Supermarket operator Supervalu Inc. reported better-than-expected earnings and issued a full-year profit forecast above Wall Street's view, sending its shares up more than 12 percent in early trading.
Expectations were very low ahead of the quarterly report from Supervalu, which has been losing market share to Wal-Mart Stores Inc., Kroger Co. and others and grappling with a large debt load.
The jump in Supervalu shares appeared to be a classic short squeeze, with those who bet against the stock scrambling to cover their positions. Short-sellers have piled into Supervalu, making it the third most shorted stock on the S&P 500 after GameStop Corp. and Sears Holdings Corp. Almost 43 percent of Supervalu's shares outstanding are being held short, according to Data Explorers.

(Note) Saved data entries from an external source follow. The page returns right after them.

(* Let $G$ be an undirected, connected graph on $N\ge2$ vertices with Laplacian $L$ and degree matrix $D=\operatorname{diag}(|\mathcal N_1|,\dots,|\mathcal N_N|)$. Fix weights $w_1,w_2,w_3>0$. For $h>0$ define \[ a^h=\frac{w_1h^2}{2\left(w_3+w_2h^2+w_1\frac{h^4}{4}\right)},\qquad b^h=\frac{w_2h+w_1\frac{h^3}{2}}{w_3+w_2h^2+w_1\frac{h^4}{4}}, \] and for an eigenvalue $\lambda_i$ of $D^{-1}L$ define \[ Q_i^h=\begin{bmatrix}1-\frac{h^2}{2}a^h\lambda_i & h-\frac{h^2}{2}b^h\\ -ha^h\lambda_i & 1-hb^h\end{bmatrix}. \] Then for every eigenvalue $\lambda_i>0$ of $D^{-1}L$ there exists $h_i>0$ such that $\rho(Q_i^h)<1$ for all $h\in(0,h_i)$, where $\rho$ denotes the spectral radius.
   Context: $\mathcal N_i$ is the set of neighbors of vertex $i$ and $|\mathcal N_i|$ its degree. Since the graph is connected, $D$ is invertible. The eigenvalues of $D^{-1}L$ are real and satisfy $0=\lambda_1<\lambda_2\le\dots\le\lambda_N\le2$. *)

From HB Require Import structures.
From mathcomp Require Import all_boot all_order all_algebra.
From mathcomp Require Import complex.
Set Implicit Arguments. Unset Strict Implicit. Unset Printing Implicit Defensive.
Import Order.TTheory GRing.Theory Num.Theory.
Local Open Scope ring_scope.

Definition simple_graph (N : nat) (e : rel 'I_N) : Prop :=
  (forall i j, e i j = e j i) /\ (forall i, e i i = false).

Definition connected_graph (N : nat) (e : rel 'I_N) : Prop :=
  forall i j, connect e i j.

Definition degree (N : nat) (e : rel 'I_N) (i : 'I_N) : nat := #|[set j | e i j]|.

Definition adjacency_mx (R : nzRingType) (N : nat) (e : rel 'I_N) : 'M[R]_N :=
  \matrix_(i, j) (e i j)%:R.

Definition degree_mx (R : nzRingType) (N : nat) (e : rel 'I_N) : 'M[R]_N :=
  \matrix_(i, j) ((i == j)%:R * (degree e i)%:R).

Definition laplacian_mx (R : nzRingType) (N : nat) (e : rel 'I_N) : 'M[R]_N :=
  degree_mx R e - adjacency_mx R e.

(* Complex roots (with multiplicity) of the characteristic polynomial of a real
   matrix, i.e. its complex eigenvalues. *)
Definition cmx_eigenvalues (R : rcfType) (n : nat) (A : 'M[R]_n) : seq R[i] :=
  sval (closed_field_poly_normal (char_poly (map_mx (fun x : R => (x%:C)%C) A))).

Definition spectral_radius (R : rcfType) (n : nat) (A : 'M[R]_n) : R :=
  \big[Num.max/0]_(z <- cmx_eigenvalues A) Normc.normc z.

Definition a_h (R : fieldType) (w1 w2 w3 h : R) : R :=
  w1 * h ^+ 2 / (2 * (w3 + w2 * h ^+ 2 + w1 * h ^+ 4 / 4)).

Definition b_h (R : fieldType) (w1 w2 w3 h : R) : R :=
  (w2 * h + w1 * h ^+ 3 / 2) / (w3 + w2 * h ^+ 2 + w1 * h ^+ 4 / 4).

Definition mx2 (R : Type) (a b c d : R) : 'M[R]_2 :=
  \matrix_(i < 2, j < 2)
    (if (i : nat) == 0%N then (if (j : nat) == 0%N then a else b)
     else (if (j : nat) == 0%N then c else d)).

Definition Q_h (R : fieldType) (w1 w2 w3 h lam : R) : 'M[R]_2 :=
  let a := a_h w1 w2 w3 h in let b := b_h w1 w2 w3 h in
  mx2 (1 - h ^+ 2 / 2 * a * lam) (h - h ^+ 2 / 2 * b)
      (- (h * a * lam))         (1 - h * b).

From HB Require Import structures.
From mathcomp Require Import all_boot all_order all_algebra.
From mathcomp Require Import complex ring lra.
Set Implicit Arguments. Unset Strict Implicit. Unset Printing Implicit Defensive.
Import Order.TTheory GRing.Theory Num.Theory.
Local Open Scope ring_scope.

(* The eigenvalues of a real 2x2 matrix with trace t and determinant d are the
   roots of z^2 - t z + d.  By the Schur-Cohn (Jury) test they lie in the open
   unit disc once d < 1 and the polynomial is positive at 1 and at -1: non-real
   roots have squared modulus d, real roots are trapped in (-1, 1).  For Q_i^h,
   with p = h b^h and q = h^2 a^h lambda_i, the trace is 2 - p - q/2 and the
   determinant 1 - p + q/2, so the test reads 0 < q < 2p and p < 2.  Clearing
   the common denominator w3 + w2 h^2 + w1 h^4/4 of a^h and b^h, p < 2 holds for
   every h and 0 < q < 2p as soon as 0 < h and w1 lambda_i h^2 < 4 w2. *)

Lemma mxtrace_mx2 (R : pzSemiRingType) (A : 'M[R]_2) : \tr A = A 0 0 + A 1 1.
Proof.
rewrite /mxtrace !big_ord_recl big_ord0 addr0.
by congr (A _ _ + A _ _); apply/val_inj.
Qed.

Lemma det_mx2 (R : comPzRingType) (A : 'M[R]_2) :
  \det A = A 0 0 * A 1 1 - A 0 1 * A 1 0.
Proof.
rewrite (expand_det_row A 0) !big_ord_recl big_ord0 /cofactor !det_mx11 !mxE /=.
have -> : lift 0 (0 : 'I_1) = 1 :> 'I_2 by apply/val_inj.
have -> : lift (1 : 'I_2) (0 : 'I_1) = 0 :> 'I_2 by apply/val_inj.
have -> : (ord0 : 'I_2) = 0 by apply/val_inj.
rewrite /= expr0 expr1 addr0; ring.
Qed.

Lemma char_poly_mx2 (R : comNzRingType) (A : 'M[R]_2) :
  char_poly A = 'X^2 - (\tr A)%:P * 'X + (\det A)%:P.
Proof.
rewrite /char_poly !det_mx2 mxtrace_mx2 /char_poly_mx !mxE /=.
rewrite polyCD polyCB !polyCM; ring.
Qed.

Lemma cmx_eigenvalues_mx2 (R : rcfType) (A : 'M[R]_2) (z : R[i]) :
  z \in cmx_eigenvalues A -> (z ^+ 2 - (\tr A)%:C * z + (\det A)%:C = 0)%C.
Proof.
rewrite /cmx_eigenvalues; case: closed_field_poly_normal => r /= char_polyE zr.
have : root (char_poly (map_mx (real_complex R) A)) z.
  rewrite char_polyE rootZ ?root_prod_XsubC //.
  by rewrite lead_coef_eq0 monic_neq0 // char_poly_monic.
by rewrite char_poly_mx2 trace_map_mx det_map_mx /root !hornerE => /eqP.
Qed.

Section SchurCohn.
Variables (R : rcfType) (t d : R).
Hypotheses (d_lt1 : d < 1) (at1_gt0 : 0 < 1 - t + d) (atN1_gt0 : 0 < 1 + t + d).

Lemma schur_cohn_real_root (x : R) : x ^+ 2 - t * x + d = 0 -> -1 < x < 1.
Proof.
move=> px0; set x' := t - x.
have prodE : x * x' = d by rewrite /x' -[d]subr0 -px0; ring.
have at1E : 1 - t + d = (1 - x) * (1 - x') by rewrite -prodE /x'; ring.
have atN1E : 1 + t + d = (1 + x) * (1 + x') by rewrite -prodE /x'; ring.
move: d_lt1 at1_gt0 atN1_gt0; rewrite at1E atN1E -prodE => xx'_lt1 at1 atN1.
by apply/andP; split; rewrite ltNge; apply/negP => hx; nra.
Qed.

Lemma schur_cohn_root (z : R[i]) :
  (z ^+ 2 - t%:C * z + d%:C = 0)%C -> Normc.normc z < 1.
Proof.
case: z => x y; rewrite expr2; simpc => /eqP; rewrite eq_complex /=.
case/andP => /eqP reE /eqP imE.
rewrite -sqrtr1 ltr_sqrt ?ltr01 //.
have [y0|y_neq0] := eqVneq y 0.
  have /andP[] : -1 < x < 1 by apply: schur_cohn_real_root; rewrite -reE y0; ring.
  by rewrite y0; nra.
have /eqP : y * (x *+ 2 - t) = 0 by rewrite -imE; ring.
rewrite mulf_eq0 (negbTE y_neq0) subr_eq0 => /eqP tE.
have normE : x ^+ 2 + y ^+ 2 = d by rewrite -[d]subr0 -reE -tE; ring.
by rewrite normE.
Qed.
End SchurCohn.

Lemma spectral_radius_lt (R : rcfType) (n : nat) (A : 'M[R]_n) (r : R) :
  0 < r -> {in cmx_eigenvalues A, forall z, Normc.normc z < r} ->
  spectral_radius A < r.
Proof.
move=> r_gt0 eig_lt; rewrite /spectral_radius big_seq.
apply: (big_ind (fun x => x < r)) => [//|x y x_lt y_lt|z /eig_lt //].
by rewrite gt_max x_lt y_lt.
Qed.

Lemma spectral_radius_mx2_lt1 (R : rcfType) (A : 'M[R]_2) :
  \det A < 1 -> 0 < 1 - \tr A + \det A -> 0 < 1 + \tr A + \det A ->
  spectral_radius A < 1.
Proof.
move=> det_lt1 at1_gt0 atN1_gt0; apply: spectral_radius_lt => // z.
by move/cmx_eigenvalues_mx2; apply: schur_cohn_root.
Qed.

Lemma mxtrace_Q_h (R : numFieldType) (w1 w2 w3 h lam : R) :
  \tr (Q_h w1 w2 w3 h lam) =
    2 - h * b_h w1 w2 w3 h - h ^+ 2 * a_h w1 w2 w3 h * lam / 2.
Proof. by rewrite mxtrace_mx2 !mxE /=; field. Qed.

Lemma det_Q_h (R : numFieldType) (w1 w2 w3 h lam : R) :
  \det (Q_h w1 w2 w3 h lam) =
    1 - h * b_h w1 w2 w3 h + h ^+ 2 * a_h w1 w2 w3 h * lam / 2.
Proof. by rewrite det_mx2 !mxE /=; field. Qed.

Section Weights.
Variables (R : realFieldType) (w1 w2 w3 : R).
Hypotheses (w1_gt0 : 0 < w1) (w2_gt0 : 0 < w2) (w3_gt0 : 0 < w3).

Let denom h := w3 + w2 * h ^+ 2 + w1 * h ^+ 4 / 4.

Let w2_sqr_ge0 h : 0 <= w2 * h ^+ 2.
Proof. by rewrite mulr_ge0 ?exprn_even_ge0 ?ltW. Qed.

Let w1_exp4_ge0 h : 0 <= w1 * h ^+ 4.
Proof. by rewrite mulr_ge0 ?exprn_even_ge0 ?ltW. Qed.

Let denom_gt0 h : 0 < denom h.
Proof. by rewrite /denom !ltr_wpDr ?divr_ge0. Qed.

Let mulr_denom_b_h h : h * b_h w1 w2 w3 h * denom h = w2 * h ^+ 2 + w1 * h ^+ 4 / 2.
Proof. by rewrite /b_h -/(denom h); field; rewrite gt_eqF. Qed.

Let mulr_denom_a_h h : h ^+ 2 * a_h w1 w2 w3 h * denom h = w1 * h ^+ 4 / 2.
Proof. by rewrite /a_h -/(denom h); field; rewrite gt_eqF. Qed.

Lemma mulr_b_h_lt2 h : h * b_h w1 w2 w3 h < 2.
Proof.
rewrite -(ltr_pM2r (denom_gt0 h)) mulr_denom_b_h /denom.
move: w3_gt0 (w2_sqr_ge0 h); lra.
Qed.

Lemma mulr_a_h_gt0 h : h != 0 -> 0 < h ^+ 2 * a_h w1 w2 w3 h.
Proof.
move=> h_neq0; rewrite -(ltr_pM2r (denom_gt0 h)) mul0r mulr_denom_a_h.
by rewrite divr_gt0 // mulr_gt0 // exprn_even_gt0 // h_neq0 orbT.
Qed.

Lemma mulr_a_h_lt_b_h h lam : h != 0 -> w1 * lam * h ^+ 2 < 4 * w2 ->
  h ^+ 2 * a_h w1 w2 w3 h * lam < 2 * (h * b_h w1 w2 w3 h).
Proof.
move=> h_neq0 small_h.
rewrite -(ltr_pM2r (denom_gt0 h)) mulrAC mulr_denom_a_h -[2 * _ * _]mulrA mulr_denom_b_h.
have h2_gt0 : 0 < h ^+ 2 by rewrite exprn_even_gt0 ?h_neq0 ?orbT.
have h4E : h ^+ 4 = h ^+ 2 * h ^+ 2 by rewrite -exprD.
move: (w1_exp4_ge0 h); rewrite h4E; nra.
Qed.

End Weights.

Lemma spectral_radius_Q_h_lt1 (R : rcfType) (w1 w2 w3 h lam : R) :
  0 < w1 -> 0 < w2 -> 0 < w3 -> 0 < lam -> h != 0 ->
  w1 * lam * h ^+ 2 < 4 * w2 -> spectral_radius (Q_h w1 w2 w3 h lam) < 1.
Proof.
move=> w1_gt0 w2_gt0 w3_gt0 lam_gt0 h_neq0 small_h.
have b_h_lt2 := mulr_b_h_lt2 w1_gt0 w2_gt0 w3_gt0 h.
have a_h_gt0 : 0 < h ^+ 2 * a_h w1 w2 w3 h * lam by rewrite mulr_gt0 ?mulr_a_h_gt0.
have a_h_lt_b_h := mulr_a_h_lt_b_h w1_gt0 w2_gt0 w3_gt0 h_neq0 small_h.
by apply: spectral_radius_mx2_lt1; rewrite ?mxtrace_Q_h det_Q_h; lra.
Qed.

Theorem lemma1 (R : rcfType) (N : nat) (e : rel 'I_N)
  (hN : (2 <= N)%N) (hsimple : simple_graph e) (hconn : connected_graph e)
  (w1 w2 w3 : R) (hw1 : 0 < w1) (hw2 : 0 < w2) (hw3 : 0 < w3) :
  forall lam : R,
    eigenvalue (invmx (degree_mx R e) *m laplacian_mx R e) lam -> 0 < lam ->
    exists hi : R, 0 < hi /\
      forall h : R, 0 < h -> h < hi -> spectral_radius (Q_h w1 w2 w3 h lam) < 1.
Proof.
move=> lam _ lam_gt0.
have bound_gt0 : 0 < 4 * w2 / (w1 * lam) by rewrite divr_gt0 ?mulr_gt0.
exists (Num.sqrt (4 * w2 / (w1 * lam))); split; first by rewrite sqrtr_gt0.
move=> h h_gt0 h_lt; apply: spectral_radius_Q_h_lt1; rewrite ?gt_eqF //.
by rewrite mulrC -ltr_pdivlMr ?mulr_gt0 // -ltr_sqrt // sqrtr_sqr gtr0_norm.
Qed.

Supervalu "still has a long way to go in executing its turnaround, but for today at least, we believe the stock should clearly benefit from what has been a perfect storm for an epic short squeeze," Cantor Fitzgerald analyst Ajay Jain said in a client note.
Shares of Supervalu, the third-largest U.S. supermarket operator, were up 12.6 percent at $5.99 in early trading on the New York Stock Exchange.
'BETTER THAN FEARED'
The Minneapolis-based owner of grocery chains such as Jewel-Osco, Albertsons and Save-A-Lot has issued a string of disappointing earnings results, and Tuesday's results did little to convince analysts that a promised turnaround had yet taken hold.
"The only way you can really characterize this is 'better than feared,'" Susquehanna Financial Group analyst Bob Summers said of Supervalu's fourth-quarter results.
"I don't think this quarter is an 'aha' moment to say they've turned," he said.
Supervalu reported a net loss of $424 million, or $2 per share, for the fiscal fourth quarter ended Feb. 25, including asset impairment charges and costs related to previously announced layoffs.
That compares with a year-earlier profit of $95 million, or 44 cents per share.
Excluding one-time items, Supervalu earned 38 cents per share, topping analyst' average forecast of 35 cents, according to Thomson Reuters I/B/E/S.
Net sales fell 5 percent to $8.23 billion, below analysts' average forecast of $8.31 billion.
Identical-store sales excluding fuel fell 1.9 percent, less than the roughly 3 percent drop analysts expected. Supervalu's identical-store sales, a key performance measure, show results from supermarkets operating for four full quarters, including store expansions and excluding fuel sales.
Gross profit margin for the fourth quarter fell to 22.8 percent of net sales from 22.3 percent due to price-lowering efforts, higher advertising expenses and other factors.
Supervalu is working to get its everyday pricing as low as bigger players, including Kroger, Safeway Inc and Wal-Mart, amid fierce competition and higher food costs.
At the same time, it has been paying off debt from its $12.4 billion acquisition of more than 1,100 Albertsons stores in 2006. That burden has hampered Supervalu's ability to compete more aggressively and stand out from rivals.
The company forecast fiscal 2013 earnings per share of $1.27 to $1.42, above Wall Street's average estimate of $1.19.